Les incitants fonctionnent
On ne va pas discuter de la crédibilité de tous ces cas. En effet, si Nancy, l’infirmière, sort d’un master de quatre ans, il est peu probable qu’elle puisse afficher 42 ans de carrière à 63 ans, mais l’essentiel du message est là : les incitants fonctionnent.
“Encore faut-il être capable de travailler plus longtemps, rétorque Selena Carbonero. Le gouvernement part du principe que la norme est le travail à temps plein, sans circonstance de pénibilité. Mais dans la réalité, c’est totalement différent, et il favorise le temps partiel. Il assouplit une série de conditions (il supprime, par exemple, pour les temps partiels, l’obligation d’avoir au moins un tiers temps), il organise les flexi-jobs, les jobs étudiants, les heures supplémentaires incontrôlées et incontrôlables.

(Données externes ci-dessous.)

(* Let $G$ be an abelian group and let $A,B\subseteq G$ be finite, nonempty subsets with $H=\mathsf H(A+B)=\mathsf H(B)$. Then $|(A\cup \{x\})+B|\geq |(A\cup \{x\})+H|+|B+H|-|H|$ for any $x\in G$.
   Context: $\mathsf H(A)=\{g\in G:g+A=A\}$ denotes the stabilizer of $A$; $A+B=\{a+b:a\in A,b\in B\}$. *)

From HB Require Import structures.
From mathcomp Require Import all_boot all_algebra.
From mathcomp Require Import finmap.
Set Implicit Arguments. Unset Strict Implicit. Unset Printing Implicit Defensive.
Import GRing.Theory.
Local Open Scope ring_scope.
Local Open Scope fset_scope.

Definition sumset (G : zmodType) (A B : {fset G}) : {fset G} :=
  [fset (a + b)%R | a in A, b in B].

Definition translate (G : zmodType) (g : G) (C : {fset G}) : {fset G} :=
  [fset (g + c)%R | c in C].

Definition is_stabilizer (G : zmodType) (C H : {fset G}) : Prop :=
  forall g : G, g \in H <-> translate g C = C.

From mathcomp Require Import all_boot all_algebra.
From mathcomp Require Import finmap.
From mathcomp Require Import zify.
Set Implicit Arguments. Unset Strict Implicit. Unset Printing Implicit Defensive.
Import GRing.Theory.
Local Open Scope fset_scope.
Local Open Scope ring_scope.
(* Either no edge of G has a common neighbour, or every edge has b of them:
   a mixture would give vertices with different numbers of closed 3-walks. *)
Lemma edge_dichotomy : (forall x z, adj x z -> c x z = 0%N) \/ (forall x z, adj x z -> c x z = b).
Proof.
have edge_b x z : adj x z -> c x z != 0%N -> c x z = b.
  by move=> xz; case: (common_b0 (adj_neq xz)) => // ->; rewrite eqxx.
case: (boolP [exists x, [exists z, adj x z && (c x z == 0%N)]]); last first.
  rewrite negb_exists => /forallP Hx; right => x z xz; apply: edge_b => //.
  by move: (Hx x); rewrite negb_exists => /forallP /(_ z); rewrite xz.
move=> /existsP [x1 /existsP [z1 /andP [xz1 /eqP c1]]]; left => y z yz.
case: (boolP [exists w, adj y w && (c y w == 0%N)]).
  by move=> /existsP [w /andP [yw /eqP cw]]; apply: (edge_common0_spreads yw).
rewrite negb_exists => /forallP Hy; exfalso.
have Hint w : adj y w -> c y w = b by move=> yw; apply: edge_b; move: (Hy w); rewrite yw.
have := walks3_diag x1 y.
rewrite (walks3_diag_internal Hint).
rewrite (walks3_diag_cross (fun z xz => edge_common0_spreads xz1 c1 xz)).
by move/eqP; rewrite eq_sym muln_eq0 => /orP [] /eqP e; [move: k_gt0 | move: b_gt0]; rewrite e.
Qed.

Definition bclique y := [set w | (w == y) || childB adj b a y w].

Lemma bclique_card kB lB mB : srg (childB adj b a) kB lB mB -> forall y, #|bclique y| = kB.+1.
Proof.
case=> _ HBreg _ _ _ y.
have -> : bclique y = y |: [set w | childB adj b a y w] by apply/setP => w; rewrite !inE.
by rewrite cardsU1 inE childBE eqxx /= HBreg.
Qed.

Section NoCommonOnEdges.
Hypothesis Hcr : forall x z, adj x z -> c x z = 0%N.

Lemma nbr_bclique x y : adj x y -> [set w | adj x w] = bclique y.
Proof.
move=> xy; apply/setP => w; rewrite !inE; apply/idP/idP.
  move=> xw; case: (eqVneq w y) => [//|nwy] /=.
  rewrite childBE eq_sym nwy /=.
  have : (0 < c y w)%N.
    rewrite /common_nbrs card_gt0; apply/set0Pn; exists x.
    by rewrite inE -!(adj_sym x) xy xw.
  have nyw : y != w by rewrite eq_sym.
  by case: (common_b0 nyw) => ->; rewrite ?eqxx.
move=> /orP [/eqP -> // | yw]; apply/negPn/negP => nxw.
have cxy := Hcr xy; have nxy := adj_neq xy.
have nxw' : x != w.
  apply: contraTneq yw => <-; rewrite childBE (@common_sym _ adj y x) cxy.
  by rewrite eq0bF andbF.
case: (common_b0 nxw') => cxw.
  have : childB adj b a x y.
    apply: (childB_trans (z := w)) => //; first by rewrite childBE nxw' cxw eqxx.
    by rewrite childB_sym.
  by rewrite childBE cxy eq0bF andbF.
have := walks3_nonedge nxw' nxw cxw xy.
by move: yw; rewrite childBE => /andP [_ /eqP ->] b0; move: b_gt0; rewrite b0.
Qed.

Dans les titres-services, 99% des offres sont des temps partiels. Il y a un déficit de places dans les crèches ou les accueils extra-scolaires. Je ne vois pas comment les femmes, qui constituent 80% des temps partiels et à qui on ne propose pas autre chose dans les secteurs où elles sont occupées, vont pouvoir aller gratter des heures pour compléter leurs horaires. Elles sont placées dans une situation inextricable.”
“Encore faut-il être capable de travailler plus longtemps…” – Selena Carbonero (FGTB)
Mais dans la réalité ?
Chacun présente donc une part de vérité. Oui, les incitants du gouvernement devraient pousser les gens à travailler plus longtemps. Et oui, il reste encore un espace pour partir à la pension avant l’âge légal sans être pénalisé, pour ceux qui commencent leur carrière assez tôt en tout cas. Mais oui, la situation des travailleurs aujourd’hui à temps partiel, et plus spécialement des femmes et des malades de longue durée, va se compliquer avec la réforme mise en place.
Et oui, la série de mesures qui favorisent l’emploi des “insiders”, ceux qui sont déjà dans le système (jobs étudiants, flexi-jobs pour les pensionnés, heures supplémentaires…) va compliquer la tâche des “outsiders”, ceux qui cherchent à entrer sur le marché du travail, avec des répercussions sur leur pension future.
Et oui, c’est donc compliqué d’estimer l’impact réel qu’aurait cette réforme des pensions.